Speed - The Rolls-Royce B81 was reported to be underpowered, especially compared to the later Leopard 1 tank, but when it was introduced, the HS.30 had a power-to-weight ratio in theory comparable with the M41 tank it was supposed to work with. But, according to a technical officer heard by the committee, the suspension on the front roadwheels was too weak to compensate the AFVs weight when going cross country and hitting ditches, causing the helical springs to break from the coilovers. As a result, drivers had to drive carefully, limiting the vehicle effectively to some 15–20 km/h (10-12.5 mph) off-road. Hispano-Suiza itself stated in the original requirements, that the Bundeswehr had called for 20 hp per ton, which would have been satisfied by a  engine on the initial 10 ton design, but the Ministry of Defence had asked for a thicker armor of 30 mm front and 20 mm on the sides, opted for a heavier armament package of 800 kg instead the original 200 kg and wanted a complete group of Panzergrenadiers as passengers, which made the vehicle longer and heavier.
Engine maintenance - the entire rear section of the HS.30 had to be pulled out of the vehicle to get full access to the engine, including the removal of both tracks, some 64 bolts and all connections, making it a time-consuming work, compared to more modern vehicles.
Disembarking - the infantry could exit the HS.30 using two large hatches on top, an escape hatch in the floor and, based on initial planning, a door on the back. That door did stay on the AFV, but it had become effectively unusable for troops, with the designers blocking the tunnel, between the door and troop compartment with engine related components. The remaining standard way to exit was to climb out on top and jump over the sides.
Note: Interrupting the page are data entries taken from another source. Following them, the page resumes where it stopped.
Lemma gale_cover_lt d neg A : (d < #|` A|)%N -> gale_cover d neg A.
Proof.
move cA: #|` A| => n; elim: n => // n IH in d neg A cA *.
rewrite ltnS leq_eqVlt => /orP[/eqP dn|dn]; first by apply: gale_cover_card; rewrite cA dn.
have [a0 Aa0] : exists a0, a0 \in A.
  by case: (fset_0Vmem A) => [A0|[a0]]; [rewrite A0 cardfs0 in cA | exists a0].
have [m mA Am] := fset_maxP Aa0.
have Sm : {in A `\ m, forall a, a < m}.
  by move=> a; rewrite in_fsetD1 => /andP[am /Am]; rewrite lt_neqAle am.
have cS : #|` A `\ m| = n by move: cA; rewrite (cardfsD1 m A) mA add1n => -[].
rewrite -(fsetD1K mA); case: d dn => [_|d dn]; first exact: (gale_cover0 neg (fset1U1 _ _)).
by apply: gale_cover_fsetU1 => //; apply: IH => //; apply: ltnW.
Qed.

End GaleCover.

Section Beyond.
Context {R : realType}.
Implicit Types (A B s : {fset R}) (F K : {fset {fset R}}).

(* The facets of [conv (gam D @ A)] visible from every point of [gam D] beyond
   [A]: [nodal B] is an affine functional on [gam D], nonpositive on [A] and
   positive beyond it. *)
Definition visible_facets (D : nat) A : {fset {fset R}} :=
  [fset B in fpowerset A |
    (#|` B| == D) && all (fun a => (a \in B) || ((nodal B).[a] < 0)) A].

Definition apex_simplices (D : nat) A (p : R) : {fset {fset R}} :=
  [fset p |` B | B in visible_facets D A].

Lemma visible_facetsP D A B : B \in visible_facets D A <->
  [/\ B `<=` A, #|` B| = D & {in A `\` B, forall a, (nodal B).[a] < 0}].
Proof.
rewrite !inE fpowersetE /=; split.
  move=> /andP[BA /andP[/eqP cB /allP Bneg]]; split=> // a.
  by rewrite in_fsetD => /andP[/negbTE aB /Bneg]; rewrite aB.
move=> [BA cB Bneg]; rewrite BA cB eqxx; apply/allP => a aA /=.
by case: (boolP (a \in B)) => //= aB; rewrite Bneg // in_fsetD aB.
Qed.

Lemma visible_facet_gale D A B : B \in visible_facets D A <-> gale_subset true A B D.
Proof.
rewrite visible_facetsP; split=> -[BA cB Bneg]; split=> // a /Bneg;
  by rewrite expr1 mulN1r oppr_gt0.
Qed.

Variables (D : nat) (A : {fset R}) (p : R).
Hypotheses (D_gt0 : (0 < D)%N) (D_le_A : (D <= #|` A|)%N).
Hypothesis A_lt_p : {in A, forall a, a < p}.

Lemma visible_facetE {B} : B \in visible_facets D A ->
  [/\ B `<=` A, #|` B| = D, p \notin B,
      {in A, forall a, (nodal B).[a] <= 0} & 0 < (nodal B).[p]].
Proof.
move=> /visible_facetsP[BA cB Bneg]; split=> //.
- by apply/negP => /(fsubsetP BA)/A_lt_p; rewrite ltxx.
- move=> a aA; have [aB|aB] := boolP (a \in B); first by rewrite nodal_root.
  by rewrite ltW // Bneg // in_fsetD aB.
- by apply: nodal_gt0 => b /(fsubsetP BA)/A_lt_p.
Qed.

Lemma apex_cover_beyond : apex_cover D true A p.
Proof.
rewrite -(prednK D_gt0); apply: (apex_cover_gale A_lt_p); apply: gale_cover_lt.
by rewrite prednK.
Qed.

Lemma visible_facet_exists : exists B, B \in visible_facets D A.
Proof.
have [|B /visible_facet_gale BV _] := apex_cover_beyond (fun=> 0); last by exists B.
by move=> a _.
Qed.

Lemma apex_simplex_in {B} : B \in visible_facets D A -> p |` B \in apex_simplices D A p.
Proof. by move=> BV; apply/imfsetP; exists B. Qed.

Lemma apex_not_overlap s B : s `<=` A -> B \in visible_facets D A ->
  ~ overlap D s (p |` B).
Proof.
move=> sA BV; have [BA cB pB BA_le0 Bp_gt0] := visible_facetE BV.
apply: (sep_not_overlap (nodal B)); first by rewrite size_nodal cB.
- by move=> a /(fsubsetP sA); apply: BA_le0.
- move=> a; rewrite in_fsetD in_fset1U negb_or => /andP[/andP[_ aB] /(fsubsetP sA) aA].
  by have /visible_facetsP[_ _ ->] := BV; rewrite // in_fsetD aB.
- by move=> a; rewrite in_fset1U => /orP[/eqP->|/nodal_root->]; rewrite // ltW.
Qed.
(* If $\sum_{i=1}^M b_i<1$, then for every $\epsilon>0$, $$\bar\Delta_{\mathrm{opt}}(\epsilon)\ge\bar\Delta_{\mathrm{opt},2}(\epsilon)\ge\sum_{l=1}^M\frac{w_l}{b_l}\exp\!\Big(-\frac{\sum_{i=1}^M b_i}{1-\sum_{i=1}^M b_i}\,\epsilon\Big)+\sum_{l=1}^M w_l.$$
   Context: Fix an integer $M\ge1$, weights $w_1,\dots,w_M>0$, constants $b_1,\dots,b_M>0$, and $\epsilon>0$. For $\mathbf r\in(0,\infty)^M$ write $S(\mathbf r)=\sum_{i=1}^M r_i$ and define $$\bar\Delta(\mathbf r)=\sum_{l=1}^M \frac{w_l e^{-r_l\epsilon}}{r_l}\, e^{\epsilon S(\mathbf r)}\big(1+S(\mathbf r)\big)+\sum_{l=1}^M w_l,\qquad \sigma_l(\mathbf r)=\frac{(1-e^{-r_l\epsilon})S(\mathbf r)+r_le^{-r_l\epsilon}}{S(\mathbf r)+1}.$$ Problem 1: minimize $\bar\Delta(\mathbf r)$ over $\mathbf r\in(0,\infty)^M$ subject to $\sigma_l(\mathbf r)\le b_l$ for all $l$; its optimal (infimum) value is $\bar\Delta_{\mathrm{opt}}(\epsilon)$. Problem 2: minimize $\bar\Delta(\mathbf r)$ over $\mathbf r\in(0,\infty)^M$ subject to $r_l\le b_l\big(S(\mathbf r)+1\big)$ for all $l$; its optimal (infimum) value is $\bar\Delta_{\mathrm{opt},2}(\epsilon)$. *)

From Stdlib Require Import Reals Lra.
Open Scope R_scope.

(* Indices 1..M of the paper are represented as 0..M-1; vectors are nat -> R. *)
Fixpoint rsum (n : nat) (f : nat -> R) : R :=
  match n with
  | O => 0
  | S k => rsum k f + f k
  end.

Definition Ssum (M : nat) (r : nat -> R) : R := rsum M r.

Definition Dbar (M : nat) (w : nat -> R) (eps : R) (r : nat -> R) : R :=
  rsum M (fun l => w l * exp (- (r l * eps)) / r l
                   * exp (eps * Ssum M r) * (1 + Ssum M r))
  + rsum M w.

Definition sigma (M : nat) (eps : R) (r : nat -> R) (l : nat) : R :=
  ((1 - exp (- (r l * eps))) * Ssum M r + r l * exp (- (r l * eps)))
  / (Ssum M r + 1).

Definition positive_vec (M : nat) (r : nat -> R) : Prop :=
  forall i, (i < M)%nat -> 0 < r i.

Definition feasible1 (M : nat) (b : nat -> R) (eps : R) (r : nat -> R) : Prop :=
  positive_vec M r /\ forall l, (l < M)%nat -> sigma M eps r l <= b l.

Definition feasible2 (M : nat) (b : nat -> R) (r : nat -> R) : Prop :=
  positive_vec M r /\ forall l, (l < M)%nat -> r l <= b l * (Ssum M r + 1).

Definition values1 (M : nat) (w b : nat -> R) (eps : R) (v : R) : Prop :=
  exists r, feasible1 M b eps r /\ v = Dbar M w eps r.

Definition values2 (M : nat) (w b : nat -> R) (eps : R) (v : R) : Prop :=
  exists r, feasible2 M b r /\ v = Dbar M w eps r.

Definition is_glb (E : R -> Prop) (m : R) : Prop :=
  (forall x, E x -> m <= x) /\
  (forall m', (forall x, E x -> m' <= x) -> m' <= m).

(* Problem 2 is a relaxation of Problem 1: since [r_l <= S], the constraint [sigma_l <= b_l]
   already forces [r_l / (S + 1) <= sigma_l <= b_l].  On the feasible set of Problem 2 every
   summand of [Dbar] is at least [w_l (1 + S) / r_l >= w_l / b_l], because
   [exp (- r_l eps) exp (eps S) >= 1]; the exponential factor of the claimed bound is at most 1. *)

From Pilot Require Import Defs.
From Stdlib Require Import Reals Lra Lia.
Open Scope R_scope.

Lemma rsum_le n f g :
  (forall i, (i < n)%nat -> f i <= g i) -> rsum n f <= rsum n g.
Proof.
  induction n as [|n IH]; simpl; intros Hfg; [lra|].
  assert (rsum n f <= rsum n g) by (apply IH; intros; apply Hfg; lia).
  assert (f n <= g n) by (apply Hfg; lia).
  lra.
Qed.

Lemma rsum_mulr n f c : rsum n f * c = rsum n (fun i => f i * c).
Proof. induction n as [|n IH]; simpl; [ring | rewrite <- IH; ring]. Qed.

Lemma rsum_ge0 n f : (forall i, (i < n)%nat -> 0 <= f i) -> 0 <= rsum n f.
Proof.
  intros Hf; replace 0 with (rsum n (fun _ => 0)).
  - apply rsum_le; exact Hf.
  - clear; induction n as [|n IH]; simpl; lra.
Qed.

Lemma rsum_ge_term n f l :
  (forall i, (i < n)%nat -> 0 <= f i) -> (l < n)%nat -> f l <= rsum n f.
Proof.
  induction n as [|n IH]; simpl; intros Hf Hl; [lia|].
  assert (0 <= rsum n f) by (apply rsum_ge0; intros; apply Hf; lia).
  destruct (Nat.eq_dec l n) as [->|Hne]; [lra|].
  assert (f l <= rsum n f) by (apply IH; [intros; apply Hf | ]; lia).
  assert (0 <= f n) by (apply Hf; lia).
  lra.
Qed.

Lemma exp_le_1 x : x <= 0 -> exp x <= 1.
Proof.
  intros [Hx|Hx]; [|rewrite Hx, exp_0; lra].
  rewrite <- exp_0; left; apply exp_increasing, Hx.
Qed.

Lemma exp_ge_1 x : 0 <= x -> 1 <= exp x.
Proof. intros Hx; pose proof (exp_ineq1_le x); lra. Qed.

Lemma is_glb_le_lb (E : R -> Prop) m c : is_glb E m -> (forall x, E x -> c <= x) -> c <= m.
Proof. intros [_ Hgreatest] Hc; exact (Hgreatest c Hc). Qed.

Lemma is_glb_subset (E F : R -> Prop) m n :
  (forall x, E x -> F x) -> is_glb E m -> is_glb F n -> n <= m.
Proof.
  intros EF Hm [Hn _]; apply (is_glb_le_lb E); [exact Hm|].
  intros x Ex; apply Hn, EF, Ex.
Qed.

Section Feasibility.

Variables (M : nat) (eps : R) (r : nat -> R).
Hypothesis eps_ge0 : 0 <= eps.
Hypothesis r_pos : positive_vec M r.

Lemma le_Ssum l : (l < M)%nat -> r l <= Ssum M r.
Proof. apply rsum_ge_term; intros i Hi; left; apply r_pos, Hi. Qed.

Lemma Ssum_ge0 : 0 <= Ssum M r.
Proof. apply rsum_ge0; intros i Hi; left; apply r_pos, Hi. Qed.

Lemma ratio_le_sigma l : (l < M)%nat -> r l / (Ssum M r + 1) <= Defs.sigma M eps r l.
Proof.
  intros Hl; unfold Defs.sigma.
  pose proof (le_Ssum l Hl) as HrS; pose proof Ssum_ge0 as HS.
  set (S := Ssum M r) in *; set (e := exp (- (r l * eps))).
  assert (He : e <= 1).
  { apply exp_le_1; pose proof (r_pos l Hl); nra. }
  apply Rmult_le_compat_r; [left; apply Rinv_0_lt_compat; lra|].
  (* r_l = r_l (1 - e) + r_l e, and r_l (1 - e) <= S (1 - e) *)
  nra.
Qed.

Lemma le_of_sigma_le b l :
  (l < M)%nat -> Defs.sigma M eps r l <= b -> r l <= b * (Ssum M r + 1).
Proof.
  intros Hl Hsig; pose proof (ratio_le_sigma l Hl) as Hratio; pose proof Ssum_ge0.
  apply (Rmult_le_reg_r (/ (Ssum M r + 1))); [apply Rinv_0_lt_compat; lra|].
  replace (b * (Ssum M r + 1) * / (Ssum M r + 1)) with b by (field; lra).
  unfold Rdiv in Hratio; lra.
Qed.

End Feasibility.

Lemma feasible1_feasible2 M b eps r :
  0 <= eps -> feasible1 M b eps r -> feasible2 M b r.
Proof.
  intros Heps [Hpos Hsig]; split; [exact Hpos|].
  intros l Hl; apply (le_of_sigma_le M eps); auto.
Qed.

Lemma Dbar_term_ge w b eps S rl :
  0 < w -> 0 < b -> 0 < rl -> rl <= S -> 0 <= eps -> rl <= b * (S + 1) ->
  w / b <= w * exp (- (rl * eps)) / rl * exp (eps * S) * (1 + S).
Proof.
  intros Hw Hb Hr HrS Heps Hfeas.
  assert (Hexp : 1 <= exp (- (rl * eps)) * exp (eps * S)).
  { rewrite <- exp_plus; apply exp_ge_1; nra. }
  assert (Hratio : w / b <= w * (1 + S) / rl).
  { apply (Rmult_le_reg_r (b * rl)); [nra|].
    replace (w / b * (b * rl)) with (w * rl) by (field; lra).
    replace (w * (1 + S) / rl * (b * rl)) with (w * (b * (S + 1))) by (field; lra).
    apply Rmult_le_compat_l; lra. }
  replace (w * exp (- (rl * eps)) / rl * exp (eps * S) * (1 + S))
    with (exp (- (rl * eps)) * exp (eps * S) * (w * (1 + S) / rl)) by (field; lra).
  assert (0 < w * (1 + S) / rl) by (apply Rdiv_lt_0_compat; nra).
  nra.
Qed.

Lemma Dbar_feasible2_ge M w b eps r :
  (forall i, (i < M)%nat -> 0 < w i) -> (forall i, (i < M)%nat -> 0 < b i) ->
  0 <= eps -> feasible2 M b r ->
  rsum M (fun l => w l / b l) + rsum M w <= Dbar M w eps r.
Proof.
  intros Hw Hb Heps [Hpos Hfeas]; unfold Dbar.
  apply Rplus_le_compat_r, rsum_le; intros l Hl.
  apply Dbar_term_ge; auto.
  exact (le_Ssum M r Hpos l Hl).
Qed.

Theorem lemma6 (M : nat) (w b : nat -> R) (eps : R) :
  (1 <= M)%nat ->
  (forall i, (i < M)%nat -> 0 < w i) ->
  (forall i, (i < M)%nat -> 0 < b i) ->
  0 < eps ->
  rsum M b < 1 ->
  forall Dopt Dopt2 : R,
    is_glb (values1 M w b eps) Dopt ->
    is_glb (values2 M w b eps) Dopt2 ->
    Dopt >= Dopt2 /\
    Dopt2 >= rsum M (fun l => w l / b l)
               * exp (- (rsum M b / (1 - rsum M b) * eps))
             + rsum M w.
Proof.
  intros _ Hw Hb Heps HB Dopt Dopt2 Hglb1 Hglb2.
  split; apply Rle_ge.
  - apply (is_glb_subset (values1 M w b eps) (values2 M w b eps)); auto.
    intros x [r [Hr ->]]; exists r; split; [apply (feasible1_feasible2 M b eps r)|]; auto; lra.
  - assert (Hexp : exp (- (rsum M b / (1 - rsum M b) * eps)) <= 1).
    { apply exp_le_1.
      assert (0 <= rsum M b) by (apply rsum_ge0; intros; left; auto).
      assert (0 <= rsum M b / (1 - rsum M b)) by (apply Rmult_le_pos; [|left; apply Rinv_0_lt_compat]; lra).
      nra. }
    assert (Hwb : 0 <= rsum M (fun l => w l / b l)).
    { apply rsum_ge0; intros l Hl; left; apply Rdiv_lt_0_compat; auto. }
    apply Rle_trans with (rsum M (fun l => w l / b l) + rsum M w); [nra|].
    apply (is_glb_le_lb _ _ _ Hglb2).
    intros x [r [Hr ->]]; apply Dbar_feasible2_ge; auto; lra.
Qed.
This not only exposed soldiers to potential enemy fire, but was also dangerous because the tracks stood out from the hull.

Service 
The HS.30 AFV was introduced into the Bundeswehr in late 1959 but suffered from teething problems. The AFV was initially used to equip only individual battalions which co-existed in the 1960s with two other forms of Grenadier formations who were equipped with trucks or APCs.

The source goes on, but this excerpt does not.